** Problem to work on **
Copy out each line of the data below in which the string "ltxx" appears.

──────── Data under study

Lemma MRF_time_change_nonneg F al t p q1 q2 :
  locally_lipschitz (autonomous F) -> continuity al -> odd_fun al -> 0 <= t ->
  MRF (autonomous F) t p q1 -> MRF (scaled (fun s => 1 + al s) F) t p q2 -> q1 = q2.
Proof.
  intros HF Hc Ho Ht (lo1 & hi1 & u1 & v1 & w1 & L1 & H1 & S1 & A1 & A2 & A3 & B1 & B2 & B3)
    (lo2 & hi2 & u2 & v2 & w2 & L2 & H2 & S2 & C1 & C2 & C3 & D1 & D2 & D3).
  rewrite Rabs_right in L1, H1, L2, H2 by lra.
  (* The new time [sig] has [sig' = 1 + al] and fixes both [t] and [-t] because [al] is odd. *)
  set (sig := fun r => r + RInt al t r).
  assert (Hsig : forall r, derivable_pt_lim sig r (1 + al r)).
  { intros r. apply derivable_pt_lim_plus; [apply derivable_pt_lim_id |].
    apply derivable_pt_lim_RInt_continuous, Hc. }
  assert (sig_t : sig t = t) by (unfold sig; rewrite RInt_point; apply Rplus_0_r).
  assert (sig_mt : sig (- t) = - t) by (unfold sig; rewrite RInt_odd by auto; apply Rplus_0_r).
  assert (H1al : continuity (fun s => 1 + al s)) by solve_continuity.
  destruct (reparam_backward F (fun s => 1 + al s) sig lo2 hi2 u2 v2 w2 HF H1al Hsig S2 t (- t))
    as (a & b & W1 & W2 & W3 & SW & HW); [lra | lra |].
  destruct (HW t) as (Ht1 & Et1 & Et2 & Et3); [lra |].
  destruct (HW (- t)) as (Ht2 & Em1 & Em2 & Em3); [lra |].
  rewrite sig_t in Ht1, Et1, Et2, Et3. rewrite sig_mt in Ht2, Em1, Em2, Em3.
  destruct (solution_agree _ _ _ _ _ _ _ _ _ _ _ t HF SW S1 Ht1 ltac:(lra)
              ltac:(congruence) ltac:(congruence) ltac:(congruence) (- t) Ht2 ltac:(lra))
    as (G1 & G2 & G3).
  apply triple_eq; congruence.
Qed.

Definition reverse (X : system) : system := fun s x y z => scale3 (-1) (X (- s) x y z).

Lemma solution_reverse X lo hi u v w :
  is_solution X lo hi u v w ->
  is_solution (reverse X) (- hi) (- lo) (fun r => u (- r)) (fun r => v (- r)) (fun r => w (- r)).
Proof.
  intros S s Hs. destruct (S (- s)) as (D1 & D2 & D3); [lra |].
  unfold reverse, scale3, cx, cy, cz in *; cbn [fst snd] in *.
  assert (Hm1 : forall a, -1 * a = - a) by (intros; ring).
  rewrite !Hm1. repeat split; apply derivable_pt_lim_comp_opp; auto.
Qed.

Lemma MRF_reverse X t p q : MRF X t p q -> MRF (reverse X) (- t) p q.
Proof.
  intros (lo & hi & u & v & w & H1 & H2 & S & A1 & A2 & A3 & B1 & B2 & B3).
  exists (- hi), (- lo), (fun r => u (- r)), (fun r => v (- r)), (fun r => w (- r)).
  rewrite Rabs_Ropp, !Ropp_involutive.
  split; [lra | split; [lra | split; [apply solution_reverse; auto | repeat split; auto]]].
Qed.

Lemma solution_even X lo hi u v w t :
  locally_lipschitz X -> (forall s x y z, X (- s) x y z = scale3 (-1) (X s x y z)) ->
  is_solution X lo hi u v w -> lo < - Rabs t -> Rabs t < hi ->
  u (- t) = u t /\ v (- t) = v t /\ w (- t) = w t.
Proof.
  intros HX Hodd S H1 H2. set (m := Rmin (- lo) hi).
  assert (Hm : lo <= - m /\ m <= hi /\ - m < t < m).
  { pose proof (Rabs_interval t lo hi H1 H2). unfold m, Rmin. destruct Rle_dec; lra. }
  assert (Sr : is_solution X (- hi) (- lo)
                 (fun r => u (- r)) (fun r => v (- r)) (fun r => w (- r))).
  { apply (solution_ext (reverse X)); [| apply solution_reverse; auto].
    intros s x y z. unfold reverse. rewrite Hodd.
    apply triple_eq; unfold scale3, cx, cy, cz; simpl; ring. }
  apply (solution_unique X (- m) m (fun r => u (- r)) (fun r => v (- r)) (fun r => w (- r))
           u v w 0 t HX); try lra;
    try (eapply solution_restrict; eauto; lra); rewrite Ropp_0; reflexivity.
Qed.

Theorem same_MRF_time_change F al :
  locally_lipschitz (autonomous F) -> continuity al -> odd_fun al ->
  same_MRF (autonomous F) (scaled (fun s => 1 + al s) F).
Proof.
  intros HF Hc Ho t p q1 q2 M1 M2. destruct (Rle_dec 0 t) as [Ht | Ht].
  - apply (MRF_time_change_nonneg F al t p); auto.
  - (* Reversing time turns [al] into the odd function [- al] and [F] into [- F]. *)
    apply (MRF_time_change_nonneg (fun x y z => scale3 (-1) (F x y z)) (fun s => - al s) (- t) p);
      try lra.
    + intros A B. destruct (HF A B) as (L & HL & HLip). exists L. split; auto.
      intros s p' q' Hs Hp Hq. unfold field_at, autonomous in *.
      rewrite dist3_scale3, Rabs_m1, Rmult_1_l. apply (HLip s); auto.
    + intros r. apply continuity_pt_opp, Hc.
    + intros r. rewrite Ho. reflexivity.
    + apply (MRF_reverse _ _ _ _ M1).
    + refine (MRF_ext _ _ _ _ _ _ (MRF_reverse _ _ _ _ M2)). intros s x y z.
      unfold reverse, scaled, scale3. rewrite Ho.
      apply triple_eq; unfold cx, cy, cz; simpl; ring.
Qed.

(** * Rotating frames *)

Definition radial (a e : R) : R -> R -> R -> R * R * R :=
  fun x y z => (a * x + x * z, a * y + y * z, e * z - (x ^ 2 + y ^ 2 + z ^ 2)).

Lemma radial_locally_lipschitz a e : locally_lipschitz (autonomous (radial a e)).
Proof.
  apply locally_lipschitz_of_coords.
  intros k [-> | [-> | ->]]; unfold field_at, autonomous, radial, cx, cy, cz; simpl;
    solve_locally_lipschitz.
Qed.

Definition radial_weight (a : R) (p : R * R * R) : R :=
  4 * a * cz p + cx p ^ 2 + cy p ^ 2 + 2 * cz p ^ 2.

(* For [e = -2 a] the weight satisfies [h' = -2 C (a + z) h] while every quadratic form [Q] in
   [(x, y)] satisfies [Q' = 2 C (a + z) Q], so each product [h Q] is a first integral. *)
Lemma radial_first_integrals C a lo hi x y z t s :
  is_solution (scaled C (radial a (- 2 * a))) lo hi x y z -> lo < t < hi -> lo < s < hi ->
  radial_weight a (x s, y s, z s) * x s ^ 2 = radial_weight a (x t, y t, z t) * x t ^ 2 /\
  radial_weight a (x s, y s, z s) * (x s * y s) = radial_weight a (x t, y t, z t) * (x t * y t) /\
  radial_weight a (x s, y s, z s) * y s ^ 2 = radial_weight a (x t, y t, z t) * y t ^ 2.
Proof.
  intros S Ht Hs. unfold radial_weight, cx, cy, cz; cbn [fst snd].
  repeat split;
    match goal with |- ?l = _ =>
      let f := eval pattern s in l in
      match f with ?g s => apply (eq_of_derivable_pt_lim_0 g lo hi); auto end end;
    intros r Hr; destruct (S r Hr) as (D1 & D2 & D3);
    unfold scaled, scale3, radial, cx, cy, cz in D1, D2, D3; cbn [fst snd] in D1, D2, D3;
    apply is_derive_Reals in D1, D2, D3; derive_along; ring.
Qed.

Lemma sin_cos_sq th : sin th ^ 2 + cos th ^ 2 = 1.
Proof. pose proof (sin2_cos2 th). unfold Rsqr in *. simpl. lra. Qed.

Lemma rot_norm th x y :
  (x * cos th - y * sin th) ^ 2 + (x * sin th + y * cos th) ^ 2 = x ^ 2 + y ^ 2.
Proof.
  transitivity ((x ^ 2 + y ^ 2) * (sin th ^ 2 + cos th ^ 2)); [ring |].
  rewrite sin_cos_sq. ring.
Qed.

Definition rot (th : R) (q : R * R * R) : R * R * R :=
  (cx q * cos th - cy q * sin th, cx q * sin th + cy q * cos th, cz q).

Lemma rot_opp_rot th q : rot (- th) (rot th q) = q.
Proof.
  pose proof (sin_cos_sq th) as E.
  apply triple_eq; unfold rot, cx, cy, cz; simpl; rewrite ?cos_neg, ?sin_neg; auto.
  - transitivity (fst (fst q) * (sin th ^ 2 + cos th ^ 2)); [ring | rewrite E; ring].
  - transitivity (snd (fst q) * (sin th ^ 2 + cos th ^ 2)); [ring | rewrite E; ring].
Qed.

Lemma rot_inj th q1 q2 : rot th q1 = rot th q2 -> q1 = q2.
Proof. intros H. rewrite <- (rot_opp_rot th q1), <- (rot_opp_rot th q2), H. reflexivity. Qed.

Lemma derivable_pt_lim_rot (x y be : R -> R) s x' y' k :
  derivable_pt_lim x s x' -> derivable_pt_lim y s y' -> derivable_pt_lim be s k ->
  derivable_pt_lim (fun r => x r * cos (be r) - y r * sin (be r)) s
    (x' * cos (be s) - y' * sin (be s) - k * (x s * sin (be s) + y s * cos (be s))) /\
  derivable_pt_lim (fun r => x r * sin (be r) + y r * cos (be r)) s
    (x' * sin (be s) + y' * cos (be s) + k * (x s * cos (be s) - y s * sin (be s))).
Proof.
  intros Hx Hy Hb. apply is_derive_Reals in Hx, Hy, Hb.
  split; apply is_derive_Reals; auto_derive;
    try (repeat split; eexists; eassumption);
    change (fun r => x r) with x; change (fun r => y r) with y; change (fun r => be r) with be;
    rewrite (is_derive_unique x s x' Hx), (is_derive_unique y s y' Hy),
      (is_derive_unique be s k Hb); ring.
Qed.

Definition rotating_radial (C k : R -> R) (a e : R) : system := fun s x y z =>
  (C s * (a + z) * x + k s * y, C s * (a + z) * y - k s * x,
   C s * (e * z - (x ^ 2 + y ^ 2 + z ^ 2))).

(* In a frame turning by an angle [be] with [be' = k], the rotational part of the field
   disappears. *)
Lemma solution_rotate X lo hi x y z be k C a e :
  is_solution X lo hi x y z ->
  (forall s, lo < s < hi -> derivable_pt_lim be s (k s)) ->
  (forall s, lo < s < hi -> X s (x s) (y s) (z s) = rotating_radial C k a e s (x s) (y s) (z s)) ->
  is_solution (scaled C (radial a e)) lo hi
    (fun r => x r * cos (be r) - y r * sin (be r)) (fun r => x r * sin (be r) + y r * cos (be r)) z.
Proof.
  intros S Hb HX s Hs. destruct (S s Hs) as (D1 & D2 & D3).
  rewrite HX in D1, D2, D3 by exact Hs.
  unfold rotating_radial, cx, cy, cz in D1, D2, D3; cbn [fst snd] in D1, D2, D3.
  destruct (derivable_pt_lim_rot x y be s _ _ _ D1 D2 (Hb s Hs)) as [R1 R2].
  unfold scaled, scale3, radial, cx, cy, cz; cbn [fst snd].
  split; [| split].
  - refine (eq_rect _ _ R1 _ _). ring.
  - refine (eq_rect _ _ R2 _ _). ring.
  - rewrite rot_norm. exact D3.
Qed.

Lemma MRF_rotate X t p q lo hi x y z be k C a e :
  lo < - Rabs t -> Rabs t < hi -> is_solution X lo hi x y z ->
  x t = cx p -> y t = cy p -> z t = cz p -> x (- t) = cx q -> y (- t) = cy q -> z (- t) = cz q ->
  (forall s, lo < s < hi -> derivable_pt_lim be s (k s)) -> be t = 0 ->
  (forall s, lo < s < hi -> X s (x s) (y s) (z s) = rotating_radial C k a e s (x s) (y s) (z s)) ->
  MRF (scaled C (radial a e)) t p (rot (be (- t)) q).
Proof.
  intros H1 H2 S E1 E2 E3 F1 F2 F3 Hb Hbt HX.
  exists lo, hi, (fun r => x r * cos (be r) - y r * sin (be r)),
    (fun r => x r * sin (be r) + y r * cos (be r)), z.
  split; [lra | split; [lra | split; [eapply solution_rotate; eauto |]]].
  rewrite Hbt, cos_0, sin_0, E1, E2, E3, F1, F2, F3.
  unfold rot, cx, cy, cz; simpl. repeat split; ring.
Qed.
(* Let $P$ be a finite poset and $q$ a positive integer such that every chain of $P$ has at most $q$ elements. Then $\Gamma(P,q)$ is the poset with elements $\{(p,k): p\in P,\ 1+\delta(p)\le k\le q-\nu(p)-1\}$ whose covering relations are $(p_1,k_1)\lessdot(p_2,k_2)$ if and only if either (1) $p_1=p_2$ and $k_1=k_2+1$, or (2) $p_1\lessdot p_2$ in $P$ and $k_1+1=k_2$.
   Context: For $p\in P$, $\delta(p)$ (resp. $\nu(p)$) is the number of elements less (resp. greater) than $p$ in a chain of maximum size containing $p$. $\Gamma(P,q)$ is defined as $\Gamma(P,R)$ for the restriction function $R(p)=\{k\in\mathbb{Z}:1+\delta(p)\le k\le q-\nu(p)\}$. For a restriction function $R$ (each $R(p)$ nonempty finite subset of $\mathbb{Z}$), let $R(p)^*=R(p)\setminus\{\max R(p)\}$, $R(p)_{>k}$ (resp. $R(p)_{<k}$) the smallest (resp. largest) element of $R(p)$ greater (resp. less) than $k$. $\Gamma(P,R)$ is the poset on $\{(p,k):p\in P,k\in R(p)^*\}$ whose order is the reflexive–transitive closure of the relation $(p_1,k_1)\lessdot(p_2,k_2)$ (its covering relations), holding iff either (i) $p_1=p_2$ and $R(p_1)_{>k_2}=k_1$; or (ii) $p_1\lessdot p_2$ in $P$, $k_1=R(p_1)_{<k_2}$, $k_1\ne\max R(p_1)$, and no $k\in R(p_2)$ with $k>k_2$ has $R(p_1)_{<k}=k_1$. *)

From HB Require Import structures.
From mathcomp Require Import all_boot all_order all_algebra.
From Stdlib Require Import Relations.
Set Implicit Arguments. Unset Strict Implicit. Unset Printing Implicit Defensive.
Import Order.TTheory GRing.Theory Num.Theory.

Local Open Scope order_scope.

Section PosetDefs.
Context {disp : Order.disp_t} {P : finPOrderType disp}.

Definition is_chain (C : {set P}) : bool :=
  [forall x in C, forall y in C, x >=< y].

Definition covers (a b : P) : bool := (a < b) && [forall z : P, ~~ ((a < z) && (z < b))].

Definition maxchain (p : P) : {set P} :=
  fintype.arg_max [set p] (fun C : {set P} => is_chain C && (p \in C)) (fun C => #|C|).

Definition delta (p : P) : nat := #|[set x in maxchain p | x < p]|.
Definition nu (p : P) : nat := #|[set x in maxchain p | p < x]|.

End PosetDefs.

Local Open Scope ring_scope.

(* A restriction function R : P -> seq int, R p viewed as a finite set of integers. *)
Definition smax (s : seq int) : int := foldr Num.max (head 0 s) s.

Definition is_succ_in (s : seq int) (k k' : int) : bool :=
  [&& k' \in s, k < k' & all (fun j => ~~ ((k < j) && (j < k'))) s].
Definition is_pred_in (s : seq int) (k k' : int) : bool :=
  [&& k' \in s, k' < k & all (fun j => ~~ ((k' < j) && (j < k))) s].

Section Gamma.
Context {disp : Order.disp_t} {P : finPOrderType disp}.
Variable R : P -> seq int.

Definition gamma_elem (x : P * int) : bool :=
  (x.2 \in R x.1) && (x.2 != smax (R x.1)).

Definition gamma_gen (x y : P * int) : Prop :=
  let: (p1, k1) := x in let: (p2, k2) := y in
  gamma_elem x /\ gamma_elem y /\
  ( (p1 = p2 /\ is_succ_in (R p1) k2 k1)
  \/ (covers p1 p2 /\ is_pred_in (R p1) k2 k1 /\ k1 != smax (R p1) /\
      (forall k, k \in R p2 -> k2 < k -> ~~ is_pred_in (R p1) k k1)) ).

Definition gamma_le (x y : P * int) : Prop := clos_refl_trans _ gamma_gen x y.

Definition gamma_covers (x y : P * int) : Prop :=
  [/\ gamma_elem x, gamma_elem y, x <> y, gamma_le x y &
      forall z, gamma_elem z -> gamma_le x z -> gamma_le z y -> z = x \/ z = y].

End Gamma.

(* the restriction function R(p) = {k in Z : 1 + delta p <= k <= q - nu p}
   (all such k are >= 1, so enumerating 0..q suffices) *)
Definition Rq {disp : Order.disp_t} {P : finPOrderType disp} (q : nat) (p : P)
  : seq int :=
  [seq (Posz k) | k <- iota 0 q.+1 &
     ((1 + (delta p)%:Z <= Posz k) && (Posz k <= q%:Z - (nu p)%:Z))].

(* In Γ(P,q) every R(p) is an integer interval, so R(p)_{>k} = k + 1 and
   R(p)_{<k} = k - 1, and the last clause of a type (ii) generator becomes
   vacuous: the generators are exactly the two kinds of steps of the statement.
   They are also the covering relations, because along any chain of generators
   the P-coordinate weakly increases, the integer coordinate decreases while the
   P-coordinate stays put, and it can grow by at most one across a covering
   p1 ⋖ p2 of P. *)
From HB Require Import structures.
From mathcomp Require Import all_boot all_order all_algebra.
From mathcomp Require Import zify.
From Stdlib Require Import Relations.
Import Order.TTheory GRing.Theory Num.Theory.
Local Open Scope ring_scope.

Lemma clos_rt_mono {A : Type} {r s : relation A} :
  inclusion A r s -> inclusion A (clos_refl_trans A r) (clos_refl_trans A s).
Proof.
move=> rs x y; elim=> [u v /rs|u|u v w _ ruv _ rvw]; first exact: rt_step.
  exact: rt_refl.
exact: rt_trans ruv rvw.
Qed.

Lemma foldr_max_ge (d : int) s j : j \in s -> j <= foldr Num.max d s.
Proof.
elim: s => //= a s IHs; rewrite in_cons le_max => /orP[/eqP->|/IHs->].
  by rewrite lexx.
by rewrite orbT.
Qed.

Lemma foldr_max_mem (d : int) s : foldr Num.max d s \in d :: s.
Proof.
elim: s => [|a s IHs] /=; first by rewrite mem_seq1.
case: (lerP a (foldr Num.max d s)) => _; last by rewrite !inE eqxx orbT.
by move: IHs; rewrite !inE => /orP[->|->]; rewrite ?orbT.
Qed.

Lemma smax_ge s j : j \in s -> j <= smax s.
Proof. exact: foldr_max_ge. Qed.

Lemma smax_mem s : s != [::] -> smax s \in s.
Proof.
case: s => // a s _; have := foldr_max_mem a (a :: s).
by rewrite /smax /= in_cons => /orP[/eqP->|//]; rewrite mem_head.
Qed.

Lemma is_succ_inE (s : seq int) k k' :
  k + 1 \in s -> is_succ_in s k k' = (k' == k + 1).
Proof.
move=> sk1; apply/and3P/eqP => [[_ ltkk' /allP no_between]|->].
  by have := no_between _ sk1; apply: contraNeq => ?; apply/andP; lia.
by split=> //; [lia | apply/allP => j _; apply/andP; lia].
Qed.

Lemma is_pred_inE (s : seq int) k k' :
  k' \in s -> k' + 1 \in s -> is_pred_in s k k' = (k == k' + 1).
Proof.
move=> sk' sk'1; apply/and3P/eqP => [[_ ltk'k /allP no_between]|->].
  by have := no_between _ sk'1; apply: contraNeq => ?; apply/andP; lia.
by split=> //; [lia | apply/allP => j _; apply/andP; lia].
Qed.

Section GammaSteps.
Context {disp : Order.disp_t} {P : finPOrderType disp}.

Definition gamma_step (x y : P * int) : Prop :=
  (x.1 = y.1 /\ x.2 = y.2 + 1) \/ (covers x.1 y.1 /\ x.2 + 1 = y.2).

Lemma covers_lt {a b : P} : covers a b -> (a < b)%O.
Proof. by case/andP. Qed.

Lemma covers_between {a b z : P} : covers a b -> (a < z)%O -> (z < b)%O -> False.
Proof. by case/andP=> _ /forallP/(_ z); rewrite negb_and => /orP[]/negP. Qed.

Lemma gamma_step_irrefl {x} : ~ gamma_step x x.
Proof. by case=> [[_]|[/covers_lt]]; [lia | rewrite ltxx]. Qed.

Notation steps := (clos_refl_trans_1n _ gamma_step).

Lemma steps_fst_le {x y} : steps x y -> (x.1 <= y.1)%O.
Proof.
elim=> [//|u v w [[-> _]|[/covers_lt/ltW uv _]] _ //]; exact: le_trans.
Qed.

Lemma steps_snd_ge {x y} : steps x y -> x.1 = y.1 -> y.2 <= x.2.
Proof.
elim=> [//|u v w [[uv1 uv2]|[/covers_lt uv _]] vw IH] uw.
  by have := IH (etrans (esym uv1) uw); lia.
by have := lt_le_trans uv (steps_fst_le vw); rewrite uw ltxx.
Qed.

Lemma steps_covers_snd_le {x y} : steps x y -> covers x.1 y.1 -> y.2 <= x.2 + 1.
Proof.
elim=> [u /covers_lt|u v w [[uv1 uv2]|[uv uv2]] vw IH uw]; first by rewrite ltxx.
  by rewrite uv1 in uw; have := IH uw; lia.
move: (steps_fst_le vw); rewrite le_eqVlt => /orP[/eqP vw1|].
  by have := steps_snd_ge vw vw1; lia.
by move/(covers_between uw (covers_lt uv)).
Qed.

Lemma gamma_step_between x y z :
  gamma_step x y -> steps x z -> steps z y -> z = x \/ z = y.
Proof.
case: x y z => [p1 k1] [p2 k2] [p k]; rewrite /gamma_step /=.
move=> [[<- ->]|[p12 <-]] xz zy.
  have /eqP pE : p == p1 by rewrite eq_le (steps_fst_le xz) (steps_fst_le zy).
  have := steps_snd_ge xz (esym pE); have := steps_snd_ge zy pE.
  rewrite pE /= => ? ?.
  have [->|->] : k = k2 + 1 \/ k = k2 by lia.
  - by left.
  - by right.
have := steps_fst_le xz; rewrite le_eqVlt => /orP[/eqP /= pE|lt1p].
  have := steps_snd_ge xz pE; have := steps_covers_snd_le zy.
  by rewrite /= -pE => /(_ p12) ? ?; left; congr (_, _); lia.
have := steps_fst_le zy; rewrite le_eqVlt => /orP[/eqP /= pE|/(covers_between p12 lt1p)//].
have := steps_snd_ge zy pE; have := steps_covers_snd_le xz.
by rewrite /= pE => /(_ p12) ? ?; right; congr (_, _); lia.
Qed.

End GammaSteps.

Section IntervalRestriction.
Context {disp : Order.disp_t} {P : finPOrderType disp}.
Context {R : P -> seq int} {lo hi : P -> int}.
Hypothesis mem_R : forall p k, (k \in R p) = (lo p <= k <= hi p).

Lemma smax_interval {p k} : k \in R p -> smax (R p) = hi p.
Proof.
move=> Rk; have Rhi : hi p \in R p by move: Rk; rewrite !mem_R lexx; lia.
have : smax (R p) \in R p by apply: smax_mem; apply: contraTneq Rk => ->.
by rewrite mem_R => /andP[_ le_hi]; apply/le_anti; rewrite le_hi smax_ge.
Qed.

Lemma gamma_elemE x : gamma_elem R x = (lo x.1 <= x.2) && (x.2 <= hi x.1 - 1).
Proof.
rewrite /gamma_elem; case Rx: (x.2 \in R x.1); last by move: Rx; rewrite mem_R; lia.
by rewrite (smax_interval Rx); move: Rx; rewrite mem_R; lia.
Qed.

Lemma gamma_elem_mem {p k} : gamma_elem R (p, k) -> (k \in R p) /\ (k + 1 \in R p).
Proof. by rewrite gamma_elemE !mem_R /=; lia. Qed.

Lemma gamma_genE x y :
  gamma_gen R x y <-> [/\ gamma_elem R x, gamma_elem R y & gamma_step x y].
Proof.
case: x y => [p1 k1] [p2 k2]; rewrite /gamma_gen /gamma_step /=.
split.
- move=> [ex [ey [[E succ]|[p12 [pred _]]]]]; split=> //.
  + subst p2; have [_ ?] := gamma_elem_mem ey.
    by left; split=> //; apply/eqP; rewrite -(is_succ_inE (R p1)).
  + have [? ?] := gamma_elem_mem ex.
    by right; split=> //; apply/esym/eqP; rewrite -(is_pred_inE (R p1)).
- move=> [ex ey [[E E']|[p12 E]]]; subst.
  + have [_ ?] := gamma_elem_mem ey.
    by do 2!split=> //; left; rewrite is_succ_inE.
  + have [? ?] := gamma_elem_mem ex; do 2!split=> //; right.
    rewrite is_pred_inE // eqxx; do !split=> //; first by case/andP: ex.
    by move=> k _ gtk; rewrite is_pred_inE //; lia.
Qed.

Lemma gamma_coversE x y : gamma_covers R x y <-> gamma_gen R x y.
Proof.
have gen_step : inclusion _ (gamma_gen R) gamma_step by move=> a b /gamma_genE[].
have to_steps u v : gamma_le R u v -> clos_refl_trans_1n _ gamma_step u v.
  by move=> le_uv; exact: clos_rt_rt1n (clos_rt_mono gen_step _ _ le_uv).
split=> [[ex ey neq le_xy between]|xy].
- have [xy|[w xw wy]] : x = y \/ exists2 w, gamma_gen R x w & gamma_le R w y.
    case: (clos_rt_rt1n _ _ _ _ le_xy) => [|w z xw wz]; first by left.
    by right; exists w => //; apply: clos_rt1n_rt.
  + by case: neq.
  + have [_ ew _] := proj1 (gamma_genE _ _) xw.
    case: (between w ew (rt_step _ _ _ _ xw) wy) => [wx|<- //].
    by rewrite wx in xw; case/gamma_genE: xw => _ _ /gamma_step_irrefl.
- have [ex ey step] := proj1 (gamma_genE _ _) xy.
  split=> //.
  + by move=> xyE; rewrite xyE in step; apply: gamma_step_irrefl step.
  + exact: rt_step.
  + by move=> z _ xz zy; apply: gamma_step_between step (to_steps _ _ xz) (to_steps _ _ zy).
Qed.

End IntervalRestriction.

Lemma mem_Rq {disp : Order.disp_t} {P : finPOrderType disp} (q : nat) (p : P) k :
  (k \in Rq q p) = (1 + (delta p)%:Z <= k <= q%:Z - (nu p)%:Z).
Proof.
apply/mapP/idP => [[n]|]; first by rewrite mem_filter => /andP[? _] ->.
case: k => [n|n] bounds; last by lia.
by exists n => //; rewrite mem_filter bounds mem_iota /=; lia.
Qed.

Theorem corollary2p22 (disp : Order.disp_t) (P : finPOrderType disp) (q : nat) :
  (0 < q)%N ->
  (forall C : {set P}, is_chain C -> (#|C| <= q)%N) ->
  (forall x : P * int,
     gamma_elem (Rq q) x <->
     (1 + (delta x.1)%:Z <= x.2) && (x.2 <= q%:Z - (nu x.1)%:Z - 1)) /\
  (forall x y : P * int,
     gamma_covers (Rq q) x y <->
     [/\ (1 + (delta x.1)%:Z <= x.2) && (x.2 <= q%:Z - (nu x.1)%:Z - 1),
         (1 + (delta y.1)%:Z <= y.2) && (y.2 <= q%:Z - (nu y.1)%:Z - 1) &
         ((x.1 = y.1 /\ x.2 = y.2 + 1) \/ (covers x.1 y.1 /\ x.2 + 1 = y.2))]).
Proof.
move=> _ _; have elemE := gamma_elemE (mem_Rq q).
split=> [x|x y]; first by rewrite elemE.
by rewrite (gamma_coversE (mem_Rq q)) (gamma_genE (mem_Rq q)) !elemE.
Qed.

────────────────

** Answer **
Proof. by case=> [[_]|[/covers_lt]]; [lia | rewrite ltxx]. Qed.
by have := lt_le_trans uv (steps_fst_le vw); rewrite uw ltxx.
elim=> [u /covers_lt|u v w [[uv1 uv2]|[uv uv2]] vw IH uw]; first by rewrite ltxx.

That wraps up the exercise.